(* Let $\mathbf{P}=\{p_n(x)\}_{n\ge0}$ be a sequence of complex polynomials with $\deg p_n=n$, $p_0=1$, and $p_n(0)=0$ for all $n\ge1$. Then for $n\ge1$ and $1\le k\le n$, $$S_2(n,k;\mathbf{P})=\frac{1}{k!}\sum_{j=1}^{k}\binom{n-j}{k-j}A_{n,j-1}(\mathbf{P}).$$
   Context: $S_2(n,k;\mathbf{P})$ is defined by $p_n(x)=\sum_{k=0}^{n}S_2(n,k;\mathbf{P})(x)_k$, with $(x)_0=1$, $(x)_k=x(x-1)\cdots(x-k+1)$. The Eulerian numbers $A_{n,k}(\mathbf{P})$ ($0\le k\le n$) are the unique coefficients with $p_n(x)=\sum_{k=0}^{n}A_{n,k}(\mathbf{P})\binom{x+n-k-1}{n}$, where $\binom{y}{n}=y(y-1)\cdots(y-n+1)/n!$. *)

From HB Require Import structures.
From mathcomp Require Import all_boot all_order all_algebra.
From mathcomp Require Import reals.
From mathcomp Require Import complex.
Set Implicit Arguments. Unset Strict Implicit. Unset Printing Implicit Defensive.
Import Order.TTheory GRing.Theory Num.Theory.
Local Open Scope ring_scope.

Definition falling_poly (F : ringType) (k : nat) : {poly F} :=
  \prod_(i < k) ('X - (i%:R)%:P).

Definition binom_poly (F : fieldType) (n : nat) : {poly F} :=
  (n`!%:R)^-1 *: \prod_(i < n) ('X - (i%:R)%:P).

Definition eulerian_basis (F : fieldType) (n k : nat) : {poly F} :=
  binom_poly F n \Po ('X + ((n%:Z - k%:Z - 1)%:~R)%:P).

From mathcomp Require Import all_boot all_order all_algebra.
From mathcomp Require Import reals complex.
From mathcomp Require Import zify.
Import Order.TTheory GRing.Theory Num.Theory.

(* Compare both expansions of p_n at the points x = 0, 1, ..., n. There (x)_k
   equals k! C(m, k) and binom(x + n - k - 1, n) equals C(m + n - k - 1, n).
   Substituting the claimed values of S_2 and exchanging the triangular double
   sum, the Vandermonde-type identity
   sum_k C(n - j, k - j) C(m, k) = C(m + n - j, n) turns the falling-factorial
   side into the Eulerian side, up to the term A_{n,n}; that coefficient
   vanishes because p_n(0) = 0, binom(-1, n) <> 0, and every other Eulerian
   basis polynomial vanishes at 0. Two polynomials of degree at most n that
   agree at n + 1 points are equal, and coefficients with respect to the
   falling factorials are unique. *)

Lemma Vandermonde_shift a m r :
  (\sum_(t < a.+1) 'C(a, t) * 'C(m, r + t) = 'C(m + a, r + a))%N.
Proof.
elim: a r => [|a IHa] r.
  by rewrite big_ord_recl big_ord0 !addn0 bin0 mul1n.
rewrite big_ord_recl /= bin0 mul1n.
under eq_bigr => t _ do rewrite /bump /= add1n binS mulnDl.
rewrite big_split /=.
under [X in _ + (_ + X)]eq_bigr => t _ do rewrite -addSnnS.
rewrite IHa addnA.
have -> : ('C(m, r + 0) + \sum_(t < a.+1) 'C(a, t.+1) * 'C(m, r + t.+1)
          = \sum_(t < a.+2) 'C(a, t) * 'C(m, r + t))%N.
  by rewrite [RHS]big_ord_recl /= bin0 mul1n.
rewrite big_ord_recr /= bin_small // mul0n addn0 IHa.
by rewrite !addnS binS addSn addnC.
Qed.

Lemma sum_bin_sub_mul_bin n m j : (j <= n)%N ->
  (\sum_(j <= k < n.+1) 'C(n - j, k - j) * 'C(m, k) = 'C(m + n - j, n))%N.
Proof.
move=> le_jn; rewrite -{1}[j]add0n big_addn subSn // big_mkord.
under eq_bigr => t _ do rewrite addnK addnC.
by rewrite Vandermonde_shift addnBA // subnKC.
Qed.

Local Open Scope ring_scope.

Lemma sum_nat_triangle (V : nmodType) m n (f : nat -> nat -> V) :
  \sum_(k < n) \sum_(m <= j < k.+1) f j k
  = \sum_(m <= j < n) \sum_(j <= k < n) f j k.
Proof.
rewrite -(big_mkord xpredT (fun k => \sum_(m <= j < k.+1) f j k)).
transitivity (\sum_(0 <= k < n) \sum_(m <= j < n | (j <= k)%N) f j k).
  by apply: eq_big_nat => k /andP[_ kn]; rewrite (big_nat_widen m k.+1 n).
rewrite (exchange_big_dep_nat predT) //=.
by apply: eq_bigr => j _; rewrite [RHS](big_nat_widenl j 0 n).
Qed.

Lemma poly_eq_nat_points (F : numDomainType) (p q : {poly F}) N :
  (size p <= N)%N -> (size q <= N)%N ->
  (forall m, (m < N)%N -> p.[m%:R] = q.[m%:R]) -> p = q.
Proof.
move=> sp sq pq; apply/eqP; rewrite -subr_eq0; apply/eqP.
apply: (@roots_geq_poly_eq0 _ _ [seq m%:R | m <- iota 0 N]).
- apply/allP => x /mapP[m]; rewrite mem_iota => /andP[_ ltmN] ->.
  by rewrite rootE !hornerE pq // subrr.
- by rewrite map_inj_uniq ?iota_uniq // => a b /eqP; rewrite eqr_nat => /eqP.
- rewrite size_map size_iota (leq_trans (size_polyD _ _)) //.
  by rewrite size_polyN geq_max sp sq.
Qed.

Section FallingFactorial.
Variable F : comNzRingType.

Lemma falling_poly_monic k : falling_poly F k \is monic.
Proof. exact: monic_prod_XsubC. Qed.

Lemma size_falling_poly k : size (falling_poly F k) = k.+1.
Proof.
by rewrite /falling_poly size_prod_XsubC /index_enum -enumT size_enum_ord.
Qed.

Lemma horner_falling_poly_nat k m : (falling_poly F k).[m%:R] = (m ^_ k)%:R.
Proof.
rewrite /falling_poly horner_prod.
elim: k => [|k IHk]; first by rewrite big_ord0.
rewrite big_ord_recr /= IHk hornerXsubC ffactnSr natrM.
have [le_km|lt_mk] := leqP k m; first by rewrite natrB.
by rewrite ffact_small // mulr0n !mul0r.
Qed.

Lemma size_falling_expansion N (c : nat -> F) :
  (size (\sum_(k < N) c k *: falling_poly F k)%R <= N)%N.
Proof.
rewrite (leq_trans (size_sum _ _ _)) //; apply/bigmax_leqP => k _.
by rewrite (leq_trans (size_scale_leq _ _)) // size_falling_poly.
Qed.

Lemma falling_expansion_eq0 N (c : nat -> F) :
  \sum_(k < N) c k *: falling_poly F k = 0 -> forall k, (k < N)%N -> c k = 0.
Proof.
elim: N => [//|N IHN]; rewrite big_ord_recr /= => sum0.
have cN0 : c N = 0.
  have := congr1 (fun q : {poly F} => q`_N) sum0.
  rewrite coefD coefZ coef0 nth_default ?add0r; last first.
    exact: size_falling_expansion.
  have /monicP := falling_poly_monic N.
  by rewrite /lead_coef size_falling_poly => ->; rewrite mulr1.
move=> k; rewrite ltnS leq_eqVlt => /orP[/eqP -> //|ltkN].
by apply: IHN => //; move: sum0; rewrite cN0 scale0r addr0.
Qed.

Lemma eq_falling_expansion N (c d : nat -> F) :
  \sum_(k < N) c k *: falling_poly F k = \sum_(k < N) d k *: falling_poly F k ->
  forall k, (k < N)%N -> c k = d k.
Proof.
move=> cd k ltkN; apply/eqP; rewrite -subr_eq0; apply/eqP; move: k ltkN.
apply: falling_expansion_eq0.
by rewrite (eq_bigr _ (fun k _ => scalerBl _ _ _)) sumrB cd subrr.
Qed.

End FallingFactorial.

Section EulerianExpansion.
Variable F : numFieldType.

Lemma horner_binom_poly_nat n N : (binom_poly F n).[N%:R] = 'C(N, n)%:R.
Proof.
rewrite /binom_poly hornerZ -/(falling_poly F n) horner_falling_poly_nat.
rewrite -bin_ffact natrM mulrC mulrK //.
by rewrite unitfE pnatr_eq0 -lt0n fact_gt0.
Qed.

Lemma horner_eulerian_basis_nat n k m : (k < m + n)%N ->
  (eulerian_basis F n k).[m%:R] = 'C(m + n - k - 1, n)%:R.
Proof.
move=> lt_k_mn; rewrite /eulerian_basis horner_comp hornerD hornerX hornerC.
have -> : (m%:R + (n%:Z - k%:Z - 1)%:~R : F) = (m + n - k - 1)%N%:R.
  have shift : ((m + n - k - 1)%N%:Z = m%:Z + (n%:Z - k%:Z - 1))%R by lia.
  by rewrite -[RHS]/(((m + n - k - 1)%N%:Z)%:~R : F) shift [RHS]intrD.
exact: horner_binom_poly_nat.
Qed.

Lemma horner0_eulerian_basis_diag n : (eulerian_basis F n n).[0] != 0.
Proof.
rewrite /eulerian_basis horner_comp hornerD hornerX hornerC add0r.
rewrite subrr sub0r rmorphN1 /binom_poly hornerZ horner_prod.
rewrite mulf_neq0 ?invr_eq0 ?pnatr_eq0 -?lt0n ?fact_gt0 //.
by apply/prodf_neq0 => i _; rewrite hornerXsubC -opprD oppr_eq0 nat1r pnatr_eq0.
Qed.

Lemma size_eulerian_basis n k : (size (eulerian_basis F n k) <= n.+1)%N.
Proof.
have := size_scale_leq (n`!%:R^-1) (falling_poly F n).
rewrite size_falling_poly => size_binom.
rewrite /eulerian_basis (leq_trans (size_comp_poly_leq _ _)) //.
rewrite size_XaddC muln1.
by rewrite ltnS -subn1 leq_subLR add1n; exact: size_binom.
Qed.

Lemma eulerian_expansion_coef_diag (a : nat -> F) n :
  (\sum_(k < n.+1) a k *: eulerian_basis F n k).[0] = 0 -> a n = 0.
Proof.
rewrite horner_sum big_ord_recr /= big1 ?add0r => [|k _].
  rewrite hornerZ => /eqP.
  by rewrite mulf_eq0 (negPf (horner0_eulerian_basis_diag n)) orbF => /eqP.
have := horner_eulerian_basis_nat n k 0.
rewrite mulr0n add0n ltn_ord => /(_ isT).
rewrite hornerZ => ->.
by rewrite bin_small ?mulr0 //; have := ltn_ord k; lia.
Qed.

Definition stirling_of_eulerian (a : nat -> F) n k : F :=
  (k`!%:R)^-1 * \sum_(1 <= j < k.+1) 'C(n - j, k - j)%:R * a (j - 1)%N.

Lemma stirling_of_eulerian_ffact (a : nat -> F) n m :
  \sum_(k < n.+1) stirling_of_eulerian a n k * (m ^_ k)%:R
  = \sum_(j < n) a j * 'C(m + n - j - 1, n)%:R.
Proof.
have ffact_fact k (x : F) : (k`!%:R)^-1 * x * (m ^_ k)%:R = x * 'C(m, k)%:R.
  rewrite -bin_ffact natrM mulrAC [_ * k`!%:R]mulrC mulKf 1?mulrC //.
  by rewrite pnatr_eq0 -lt0n fact_gt0.
under eq_bigr => k _ do rewrite ffact_fact mulr_suml.
rewrite (sum_nat_triangle _ 1 n.+1
  (fun j k => 'C(n - j, k - j)%:R * a (j - 1)%N * 'C(m, k)%:R)).
rewrite big_add1 /= big_mkord.
apply: eq_bigr => j _; rewrite subn1 /=.
under eq_bigr => k _ do rewrite mulrAC -natrM.
rewrite -mulr_suml -natr_sum sum_bin_sub_mul_bin ?ltn_ord // mulrC.
by rewrite subnS -subn1.
Qed.

Lemma falling_expansion_of_eulerian (a : nat -> F) n : a n = 0 ->
  \sum_(k < n.+1) stirling_of_eulerian a n k *: falling_poly F k
  = \sum_(k < n.+1) a k *: eulerian_basis F n k.
Proof.
move=> an0; apply: (@poly_eq_nat_points _ _ _ n.+1).
- exact: size_falling_expansion.
- rewrite (leq_trans (size_sum _ _ _)) //; apply/bigmax_leqP => k _.
  exact: leq_trans (size_scale_leq _ _) (size_eulerian_basis _ _).
move=> m _; rewrite !horner_sum.
under eq_bigr => k _ do rewrite hornerZ horner_falling_poly_nat.
rewrite stirling_of_eulerian_ffact big_ord_recr /= an0 scale0r horner0 addr0.
by apply: eq_bigr => j _; rewrite hornerZ horner_eulerian_basis_nat // ltn_addl.
Qed.

End EulerianExpansion.

Theorem theorem3p3 (R : realType) (p : nat -> {poly R[i]})
  (hdeg : forall n, size (p n) = n.+1)
  (hp0 : p 0%N = 1)
  (hpz : forall n, (1 <= n)%N -> (p n).[0] = 0)
  (S2 A : nat -> nat -> R[i])
  (hS2 : forall n, p n = \sum_(k < n.+1) S2 n k *: falling_poly R[i] k)
  (hA : forall n, p n = \sum_(k < n.+1) A n k *: eulerian_basis R[i] n k)
  (n k : nat) (hn : (1 <= n)%N) (hk1 : (1 <= k)%N) (hkn : (k <= n)%N) :
  S2 n k = (k`!%:R)^-1 *
    \sum_(1 <= j < k.+1) ('C(n - j, k - j))%:R * A n (j - 1)%N.
Proof.
have Ann0 : A n n = 0.
  by apply: eulerian_expansion_coef_diag; rewrite -hA hpz.
have := hS2 n; rewrite hA -(falling_expansion_of_eulerian _ _ _ Ann0).
by move=> /eq_falling_expansion /(_ k hkn) <-.
Qed.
________________________
» **Problem description**
Your answer should be the lines of the listing above between the line holding "rewrite /binom_poly hornerZ" and the line holding "rewrite -bin_ffact natrM mulrAC", inclusive, restated word for word and alone.

» **Solved exercise**
rewrite /binom_poly hornerZ -/(falling_poly F n) horner_falling_poly_nat.
rewrite -bin_ffact natrM mulrC mulrK //.
by rewrite unitfE pnatr_eq0 -lt0n fact_gt0.
Qed.

Lemma horner_eulerian_basis_nat n k m : (k < m + n)%N ->
  (eulerian_basis F n k).[m%:R] = 'C(m + n - k - 1, n)%:R.
Proof.
move=> lt_k_mn; rewrite /eulerian_basis horner_comp hornerD hornerX hornerC.
have -> : (m%:R + (n%:Z - k%:Z - 1)%:~R : F) = (m + n - k - 1)%N%:R.
  have shift : ((m + n - k - 1)%N%:Z = m%:Z + (n%:Z - k%:Z - 1))%R by lia.
  by rewrite -[RHS]/(((m + n - k - 1)%N%:Z)%:~R : F) shift [RHS]intrD.
exact: horner_binom_poly_nat.
Qed.

Lemma horner0_eulerian_basis_diag n : (eulerian_basis F n n).[0] != 0.
Proof.
rewrite /eulerian_basis horner_comp hornerD hornerX hornerC add0r.
rewrite subrr sub0r rmorphN1 /binom_poly hornerZ horner_prod.
rewrite mulf_neq0 ?invr_eq0 ?pnatr_eq0 -?lt0n ?fact_gt0 //.
by apply/prodf_neq0 => i _; rewrite hornerXsubC -opprD oppr_eq0 nat1r pnatr_eq0.
Qed.

Lemma size_eulerian_basis n k : (size (eulerian_basis F n k) <= n.+1)%N.
Proof.
have := size_scale_leq (n`!%:R^-1) (falling_poly F n).
rewrite size_falling_poly => size_binom.
rewrite /eulerian_basis (leq_trans (size_comp_poly_leq _ _)) //.
rewrite size_XaddC muln1.
by rewrite ltnS -subn1 leq_subLR add1n; exact: size_binom.
Qed.

Lemma eulerian_expansion_coef_diag (a : nat -> F) n :
  (\sum_(k < n.+1) a k *: eulerian_basis F n k).[0] = 0 -> a n = 0.
Proof.
rewrite horner_sum big_ord_recr /= big1 ?add0r => [|k _].
  rewrite hornerZ => /eqP.
  by rewrite mulf_eq0 (negPf (horner0_eulerian_basis_diag n)) orbF => /eqP.
have := horner_eulerian_basis_nat n k 0.
rewrite mulr0n add0n ltn_ord => /(_ isT).
rewrite hornerZ => ->.
by rewrite bin_small ?mulr0 //; have := ltn_ord k; lia.
Qed.

Definition stirling_of_eulerian (a : nat -> F) n k : F :=
  (k`!%:R)^-1 * \sum_(1 <= j < k.+1) 'C(n - j, k - j)%:R * a (j - 1)%N.

Lemma stirling_of_eulerian_ffact (a : nat -> F) n m :
  \sum_(k < n.+1) stirling_of_eulerian a n k * (m ^_ k)%:R
  = \sum_(j < n) a j * 'C(m + n - j - 1, n)%:R.
Proof.
have ffact_fact k (x : F) : (k`!%:R)^-1 * x * (m ^_ k)%:R = x * 'C(m, k)%:R.
  rewrite -bin_ffact natrM mulrAC [_ * k`!%:R]mulrC mulKf 1?mulrC //.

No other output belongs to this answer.